A home for all identities
The Institute for Women’s Studies and Services becomes the Gender Institute for Teaching and Advocacy and will change location.
August 8, 2018
What’s in a name?
For the Gender Institute for Teaching and Advocacy, formerly the Institute for Women’s Studies and Services, it’s a place to belong.
“We wanted to have a name accurately reflect both who we are and who we serve,” said Netty Rodriguez, associate director of GITA. “It’s a holistic approach, covering services we provide and our campus population.”
Those services include teaching and advocacy, providing support resources such as a retention-and-success advisor who helps people navigate academic and personal systems. Or a snack stop in the community kitchen to help address food insecurity, a lactation space for nursing parents and a scholarship team on staff.

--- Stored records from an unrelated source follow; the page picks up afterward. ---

(* Let $f:\mathbb{R}^n\to\mathbb{R}$ be differentiable and pseudo-convex, with $\nabla f$ $L$-Lipschitz continuous ($L>0$), and assume the stationary set $X^*$ is non-empty. Let $0<h<\frac{1}{L}$, $\beta\in\left(\frac{1-\sqrt{1-h^2L^2}}{h^2L^2},1\right]$ and $\kappa_1=2\beta-1-\beta^2h^2L^2$. Then the sequence $\{x^k\}$ generated by Algorithm 1 satisfies, for every $x^*\in X^*$ and every integer $K\ge1$, $$\frac{1}{K}\sum_{k=0}^{K-1}\|\nabla f(x^k)\|^2\le \frac{\|x^0-x^*\|^2}{K\kappa_1h^2}.$$
   Context: A differentiable $f$ is pseudo-convex if $\nabla f$ is pseudo-monotone, i.e. for all $x,y$, $\langle \nabla f(x),y-x\rangle\ge 0$ implies $\langle \nabla f(y),y-x\rangle\ge0$. The stationary set is $X^*=\{x\in\mathbb{R}^n:\nabla f(x)=0\}$. Algorithm 1: given $x^0$, for $k=0,1,2,\dots$ set $z^k=x^k-h\nabla f(x^k)$ and $x^{k+1}=x^k-h\big(\nabla f(x^k)-\beta(\nabla f(x^k)-\nabla f(z^k))\big)$. *)

From HB Require Import structures.
From mathcomp Require Import all_boot all_order all_algebra.
From mathcomp Require Import all_classical all_reals all_analysis.
Set Implicit Arguments. Unset Strict Implicit. Unset Printing Implicit Defensive.
Import Order.TTheory GRing.Theory Num.Theory.
Import numFieldNormedType.Exports.
Local Open Scope ring_scope.

Definition dotv {R : realType} {n : nat} (u v : 'rV[R]_n) : R :=
  \sum_(i < n) u ord0 i * v ord0 i.
Definition enorm {R : realType} {n : nat} (u : 'rV[R]_n) : R :=
  Num.sqrt (dotv u u).

Definition grad {R : realType} {n : nat} (f : 'rV[R]_n -> R) (x : 'rV[R]_n)
  : 'rV[R]_n := \row_(i < n) ('d f x (\row_(j < n) (i == j)%:R)).

Definition pseudo_monotone {R : realType} {n : nat} (F : 'rV[R]_n -> 'rV[R]_n)
  : Prop :=
  forall x y, 0 <= dotv (F x) (y - x) -> 0 <= dotv (F y) (y - x).

Definition pseudo_convex {R : realType} {n : nat} (f : 'rV[R]_n -> R) : Prop :=
  (forall x, differentiable f x) /\ pseudo_monotone (grad f).

Definition stationary_set {R : realType} {n : nat} (f : 'rV[R]_n -> R)
  : set 'rV[R]_n := [set x | grad f x = 0].

Fixpoint alg1 {R : realType} {n : nat} (f : 'rV[R]_n -> R) (h beta : R)
  (x0 : 'rV[R]_n) (k : nat) : 'rV[R]_n :=
  match k with
  | O => x0
  | S k' =>
      let x := alg1 f h beta x0 k' in
      let z := x - h *: grad f x in
      x - h *: (grad f x - beta *: (grad f x - grad f z))
  end.

From HB Require Import structures.
From mathcomp Require Import all_boot all_order all_algebra.
From mathcomp Require Import all_classical all_reals all_analysis.
From mathcomp Require Import ring lra.
Set Implicit Arguments. Unset Strict Implicit. Unset Printing Implicit Defensive.
Import Order.TTheory GRing.Theory Num.Theory.
Import numFieldNormedType.Exports.
Local Open Scope ring_scope.

(* Fejer-type descent.  Write the step as x - h (g + beta e) with g = F x and
   e = F z - F x, z = x - h g.  Pseudo-monotonicity at a zero x* of F gives
   <g, x - x*> >= 0 and <F z, z - x*> >= 0, and the Lipschitz bound gives
   |e| <= h L |g|; expanding the square yields
   |x+ - x*|^2 <= |x - x*|^2 - kappa1 h^2 |g|^2.  The condition on beta is
   exactly what makes kappa1 positive, and telescoping concludes. *)

Section InnerProduct.
Variables (R : realType) (n : nat).
Implicit Types (u v w : 'rV[R]_n) (a : R).

Lemma dotvC u v : dotv u v = dotv v u.
Proof. by apply: eq_bigr => i _; rewrite mulrC. Qed.

Lemma dotvDl u v w : dotv (u + v) w = dotv u w + dotv v w.
Proof. by rewrite /dotv -big_split; apply: eq_bigr => i _; rewrite mxE mulrDl. Qed.

Lemma dotvZl a u v : dotv (a *: u) v = a * dotv u v.
Proof. by rewrite /dotv mulr_sumr; apply: eq_bigr => i _; rewrite mxE mulrA. Qed.

Lemma dotvNl u v : dotv (- u) v = - dotv u v.
Proof. by rewrite -scaleN1r dotvZl mulN1r. Qed.

Lemma dotvDr u v w : dotv w (u + v) = dotv w u + dotv w v.
Proof. by rewrite dotvC dotvDl !(dotvC w). Qed.

Lemma dotvZr a u v : dotv v (a *: u) = a * dotv v u.
Proof. by rewrite dotvC dotvZl dotvC. Qed.

Lemma dotvNr u v : dotv v (- u) = - dotv v u.
Proof. by rewrite dotvC dotvNl dotvC. Qed.

Lemma dotv0l v : dotv 0 v = 0.
Proof. by rewrite -(scale0r 0) dotvZl mul0r. Qed.

Lemma dotv_ge0 u : 0 <= dotv u u.
Proof. by apply: sumr_ge0 => i _; rewrite -expr2 sqr_ge0. Qed.

Lemma enorm_sq u : enorm u ^+ 2 = dotv u u.
Proof. by rewrite /enorm sqr_sqrtr // dotv_ge0. Qed.

Lemma enorm_ge0 u : 0 <= enorm u.
Proof. exact: sqrtr_ge0. Qed.

Lemma enormZ_sq a u : enorm (a *: u) ^+ 2 = a ^+ 2 * dotv u u.
Proof. by rewrite enorm_sq dotvZl dotvZr mulrA -expr2. Qed.

Lemma dotv_step_sq_le (p g e : 'rV[R]_n) (h beta L : R) :
  0 < h -> 0 <= beta -> beta <= 1 ->
  0 <= dotv g p -> 0 <= dotv (g + e) (p - h *: g) ->
  dotv e e <= L ^+ 2 * h ^+ 2 * dotv g g ->
  dotv (p - h *: (g + beta *: e)) (p - h *: (g + beta *: e))
  <= dotv p p - (2 * beta - 1 - beta ^+ 2 * h ^+ 2 * L ^+ 2) * h ^+ 2 * dotv g g.
Proof.
move=> h0 b0 b1 gp_ge0 gep_ge0 ee_le.
rewrite !(dotvDl, dotvDr, dotvNl, dotvNr, dotvZl, dotvZr) in gep_ge0 *.
rewrite (dotvC p g) (dotvC p e) (dotvC e g) in gep_ge0 *.
set gp := dotv g p in gp_ge0 gep_ge0 *; set ep := dotv e p in gep_ge0 *.
set gg := dotv g g in gep_ge0 ee_le *; set ge := dotv g e in gep_ge0 *.
set ee := dotv e e in ee_le *.
(* the slack in the claim is a combination of these three nonnegative terms *)
have t1 : 0 <= 2 * h * beta * (gp + ep - h * gg - h * ge).
  by apply: mulr_ge0; [apply: mulr_ge0 => //; lra | lra].
have t2 : 0 <= 2 * h * (1 - beta) * gp.
  by apply: mulr_ge0 => //; apply: mulr_ge0; lra.
have t3 : 0 <= h ^+ 2 * beta ^+ 2 * (L ^+ 2 * h ^+ 2 * gg - ee).
  by apply: mulr_ge0; [apply: mulr_ge0; apply: sqr_ge0 | lra].
nra.
Qed.

End InnerProduct.

Lemma extragradient_dist_sq_le (R : realType) (n : nat)
    (F : 'rV[R]_n -> 'rV[R]_n) (L h beta : R) (y xs : 'rV[R]_n) :
  pseudo_monotone F -> F xs = 0 ->
  (forall x y, enorm (F x - F y) <= L * enorm (x - y)) ->
  0 < L -> 0 < h -> 0 <= beta -> beta <= 1 ->
  dotv (y - h *: (F y - beta *: (F y - F (y - h *: F y))) - xs)
       (y - h *: (F y - beta *: (F y - F (y - h *: F y))) - xs) <=
  dotv (y - xs) (y - xs)
   - (2 * beta - 1 - beta ^+ 2 * h ^+ 2 * L ^+ 2) * h ^+ 2 * dotv (F y) (F y).
Proof.
move=> pm Fxs0 Lip L0 h0 b0 b1; set z := y - h *: F y.
have -> : y - h *: (F y - beta *: (F y - F z)) - xs
          = (y - xs) - h *: (F y + beta *: (F z - F y)).
  by rewrite -[F y - F z]opprB scalerN opprK addrAC.
have mono_at u : 0 <= dotv (F u) (u - xs).
  by apply: pm; rewrite Fxs0 dotv0l.
apply: dotv_step_sq_le; rewrite ?mono_at //.
- by rewrite addrC subrK -addrAC; apply: mono_at.
- rewrite -enorm_sq.
  have zy : z - y = (- h) *: F y by rewrite /z addrAC subrr add0r scaleNr.
  have Lz := Lip z y; rewrite zy in Lz.
  apply: (le_trans (lerXn2r 2 _ _ Lz)); rewrite ?nnegrE ?enorm_ge0 //.
    by rewrite mulr_ge0 ?enorm_ge0 ?ltW.
  by rewrite exprMn enormZ_sq sqrrN mulrA.
Qed.

Lemma kappa1_gt0 (R : rcfType) (L h beta : R) :
  0 < L -> 0 < h -> h < L^-1 ->
  (1 - Num.sqrt (1 - h ^+ 2 * L ^+ 2)) / (h ^+ 2 * L ^+ 2) < beta ->
  beta <= 1 ->
  0 < beta /\ 0 < 2 * beta - 1 - beta ^+ 2 * h ^+ 2 * L ^+ 2.
Proof.
move=> L0 h0 hL beta_gt beta_le1.
have hL1 : h * L < 1 by rewrite -(mulVf (lt0r_neq0 L0)) ltr_pM2r.
set a := h ^+ 2 * L ^+ 2 in beta_gt *.
have a0 : 0 < a by rewrite /a mulr_gt0 ?exprn_gt0.
have hL0 : 0 < h * L by apply: mulr_gt0.
have a1 : a < 1 by rewrite /a -exprMn; nra.
set s := Num.sqrt (1 - a) in beta_gt.
have s0 : 0 <= s by apply: sqrtr_ge0.
have s2 : s ^+ 2 = 1 - a by rewrite sqr_sqrtr //; lra.
have s1 : s < 1 by nra.
have {}beta_gt : 1 - s < beta * a by rewrite -ltr_pdivrMr.
have beta0 : 0 < beta by nra.
split=> //.
(* a * kappa1 = s^2 - (a beta - 1)^2, and |a beta - 1| < s *)
rewrite -[_ * L ^+ 2]mulrA -/a.
have -> : 2 * beta - 1 - beta ^+ 2 * a = (s ^+ 2 - (a * beta - 1) ^+ 2) / a.
  by rewrite s2; field; rewrite lt0r_neq0.
apply: divr_gt0 => //.
have u1 : 0 < s + (a * beta - 1) by rewrite mulrC; lra.
have u2 : a * beta <= a by rewrite ler_piMr // ltW.
have -> : s ^+ 2 - (a * beta - 1) ^+ 2 = (s + (a * beta - 1)) * (s - (a * beta - 1)).
  by ring.
by apply: mulr_gt0 => //; lra.
Qed.

Lemma average_le_of_descent (R : realFieldType) (D G : nat -> R) (c : R) (K : nat) :
  0 < c -> (0 < K)%N -> (forall k, D k.+1 <= D k - c * G k) -> 0 <= D K ->
  K%:R^-1 * \sum_(k < K) G k <= D 0%N / (K%:R * c).
Proof.
move=> c0 K0 descent DK0.
have telescope m : c * \sum_(k < m) G k + D m <= D 0%N.
  elim: m => [|m IH]; first by rewrite big_ord0 mulr0 add0r.
  by rewrite big_ord_recr /=; have := descent m; lra.
have K0r : 0 < K%:R :> R by rewrite ltr0n.
rewrite ler_pdivlMr ?mulr_gt0 //.
have -> : K%:R^-1 * (\sum_(k < K) G k) * (K%:R * c) = c * \sum_(k < K) G k.
  by field; rewrite lt0r_neq0.
by have := telescope K; lra.
Qed.

Theorem theorem2 (R : realType) (n : nat) (f : 'rV[R]_n -> R) (L h beta : R)
  (x0 : 'rV[R]_n) :
  (forall x, differentiable f x) ->
  pseudo_convex f ->
  0 < L ->
  (forall x y, enorm (grad f x - grad f y) <= L * enorm (x - y)) ->
  (exists x, x \in stationary_set f) ->
  0 < h -> h < L^-1 ->
  (1 - Num.sqrt (1 - h ^+ 2 * L ^+ 2)) / (h ^+ 2 * L ^+ 2) < beta ->
  beta <= 1 ->
  let kappa1 := 2 * beta - 1 - beta ^+ 2 * h ^+ 2 * L ^+ 2 in
  forall xs : 'rV[R]_n, xs \in stationary_set f ->
  forall K : nat, (1 <= K)%N ->
    K%:R^-1 * \sum_(k < K) enorm (grad f (alg1 f h beta x0 k)) ^+ 2
      <= enorm (x0 - xs) ^+ 2 / (K%:R * kappa1 * h ^+ 2).
Proof.
move=> _ [_ pm] L0 Lip _ h0 hL beta_gt beta_le1 kappa1 xs.
rewrite inE => /= grad_xs K K0.
have [beta0 kappa0] := kappa1_gt0 L0 h0 hL beta_gt beta_le1.
set x := alg1 f h beta x0.
set D := fun k => dotv (x k - xs) (x k - xs).
set G := fun k => dotv (grad f (x k)) (grad f (x k)).
have descent k : D k.+1 <= D k - kappa1 * h ^+ 2 * G k.
  exact: (extragradient_dist_sq_le (x k) pm grad_xs Lip L0 h0 (ltW beta0) beta_le1).
have -> : \sum_(k < K) enorm (grad f (x k)) ^+ 2 = \sum_(k < K) G k.
  by apply: eq_bigr => k _; exact: enorm_sq.
rewrite enorm_sq -/(D 0%N) -mulrA.
apply: average_le_of_descent => //; first by rewrite mulr_gt0 ?exprn_gt0.
exact: dotv_ge0.
Qed.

GITA also provides workstations with computers and printers, serving as a mini lab for Roadrunners.
“We try to be a comprehensive location for students to eat, study and be in community,” Rodriguez said.
The name change was a collective effort, kicked off about five years ago by a group of faculty and staff including Kat Martinez, Ph.D., and interim GITA director/department chair and former institute director Arlene Sgoutas, Ph.D. (now interim dean of the College of Letters, Arts and Sciences), who led the academic program’s evolution into Gender, Women and Sexualities Studies.

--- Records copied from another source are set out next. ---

Definition c_inv : Hom D CY := proj1_sig (coproduct2_copair hD (inl ∘ j 0) alg).
Lemma c_inv_i1 : c_inv ∘ i1 = inl ∘ j 0.
Proof. exact (proj1 (proj2_sig (coproduct2_copair hD (inl ∘ j 0) alg))). Qed.
Lemma c_inv_i2 : c_inv ∘ i2 = alg.
Proof. exact (proj2 (proj2_sig (coproduct2_copair hD (inl ∘ j 0) alg))). Qed.

Lemma c_inv_c : c_inv ∘ c = idm CY.
Proof.
  assert (Hm : c_inv ∘ m = inl ∘ k).
  { apply (coproduct2_hom_ext hE).
    - rewrite <- comp_assoc, hm1, c_inv_i1, <- comp_assoc, hk1. reflexivity.
    - rewrite <- comp_assoc, hm2, comp_assoc, c_inv_i2, halg1, <- comp_assoc, hk2.
      reflexivity. }
  apply (coproduct2_hom_ext hCY).
  - rewrite <- comp_assoc, hc1, comp_assoc, Hm, <- comp_assoc, hs2, comp_id_r, comp_id_l.
    reflexivity.
  - rewrite <- comp_assoc, hc2, !comp_assoc, c_inv_i2, halg2, <- comp_assoc, (proj1 htinv),
      comp_id_r, comp_id_l. reflexivity.
Qed.

Lemma c_c_inv : c ∘ c_inv = idm D.
Proof.
  apply (coproduct2_hom_ext hD).
  - rewrite <- comp_assoc, c_inv_i1, comp_id_l, comp_assoc. exact c_inl_j0.
  - rewrite <- comp_assoc, c_inv_i2, comp_id_l. exact c_alg.
Qed.

End Structure.

Theorem mainTheorem2 (C : Category) (H : Functor C)
  (hext : hyper_extensive C)
  (hpres : preserves_countable_coproducts H)
  (nuH : C) (t : Hom nuH (H nuH)) (ht : is_terminal_coalgebra H t)
  (Y : C)
  (HsY : C) (j : forall n, Hom (Hiter H n Y) HsY)
  (hHsY : is_coproduct (fun n => Hiter H n Y) j)
  (phi : Hom (H HsY) HsY)
  (hphi : forall n, phi ∘ Fmap H (j n) = j (S n))
  (CY : C) (inl : Hom HsY CY) (inr : Hom nuH CY) (hCY : is_coproduct2 inl inr)
  (tinv : Hom (H nuH) nuH)
  (htinv : tinv ∘ t = idm nuH /\ t ∘ tinv = idm (H nuH))
  (alg : Hom (H CY) CY)
  (halg1 : alg ∘ Fmap H inl = inl ∘ phi)
  (halg2 : alg ∘ Fmap H inr = inr ∘ tinv)
  (E : C) (e1 : Hom Y E) (e2 : Hom (H HsY) E) (hE : is_coproduct2 e1 e2)
  (k : Hom E HsY) (hk1 : k ∘ e1 = j O) (hk2 : k ∘ e2 = phi)
  (D : C) (i1 : Hom Y D) (i2 : Hom (H CY) D) (hD : is_coproduct2 i1 i2)
  (m : Hom E D) (hm1 : m ∘ e1 = i1) (hm2 : m ∘ e2 = i2 ∘ Fmap H inl) :
  is_free_cia H alg (inl ∘ j O) /\
  is_iso k /\
  (forall sigma : Hom HsY E, sigma ∘ k = idm E -> k ∘ sigma = idm HsY ->
   forall c : Hom CY D,
     c ∘ inl = m ∘ sigma -> c ∘ inr = i2 ∘ Fmap H inr ∘ t ->
     is_terminal_YH_coalgebra H i1 i2 c).
Proof.
  assert (Hterminal : forall sigma : Hom HsY E, sigma ∘ k = idm E -> k ∘ sigma = idm HsY ->
            forall c : Hom CY D, c ∘ inl = m ∘ sigma -> c ∘ inr = i2 ∘ Fmap H inr ∘ t ->
            is_terminal_YH_coalgebra H i1 i2 c).
  { intros sigma hs1 hs2 c hc1 hc2.
    apply (CY_terminal hext hpres ht hHsY hCY hD);
      [eapply c_inl_j0 | eapply c_inl_jS | exact hc2
      | apply (section_mono (r := c_inv j inl alg hD)); eapply c_inv_c]; eassumption. }
  pose proof (j0_phi_iso hpres hHsY hphi hE hk1 hk2) as Hk.
  split; [| split; [exact Hk | exact Hterminal]].
  destruct Hk as [sigma [hs1 hs2]].
  destruct (coproduct2_copair hCY (m ∘ sigma) (i2 ∘ Fmap H inr ∘ t)) as [c [hc1 hc2]].
  apply (terminal_YH_coalgebra_free_cia (proj1 hext) hD (Hterminal sigma hs1 hs2 c hc1 hc2))
    with (d := c_inv j inl alg hD).
  - eapply c_inv_c; eassumption.
  - eapply c_c_inv; eassumption.
  - eapply c_alg; eassumption.
  - rewrite comp_assoc. eapply c_inl_j0; eassumption.
Qed.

Rodriguez noted the necessary shift to support all students while still honoring the institute’s 30-plus-year legacy as a groundbreaking combination of academics and services.
“We live in a world moving outside of gender binaries,” Rodriguez said. “It’s increasingly more and more important to stay at the forefront, to be conscious of who we serve and those around us. If an individual doesn’t identify as female, we want to assure them they’re welcomed.”
In addition to the name change, GITA will have a new physical space: The institute will be moving to Boulder Creek Building 132 from its Ninth Street Park location in early October. Rodriguez said the move will afford the opportunity to provide outreach to an area of campus that may be easy to overlook.
Ultimately, it’s about meeting students where they are, honoring unique lived experiences – and, by doing so, empowering them to succeed.
“When you think about our student population, they’ve got a lot of intersecting identities; they’re nontraditionally aged, multigender, undocumented, first-generation and many more,” Rodriguez said.
“GITA serves all of those students – we make sure everyone can find a home here.”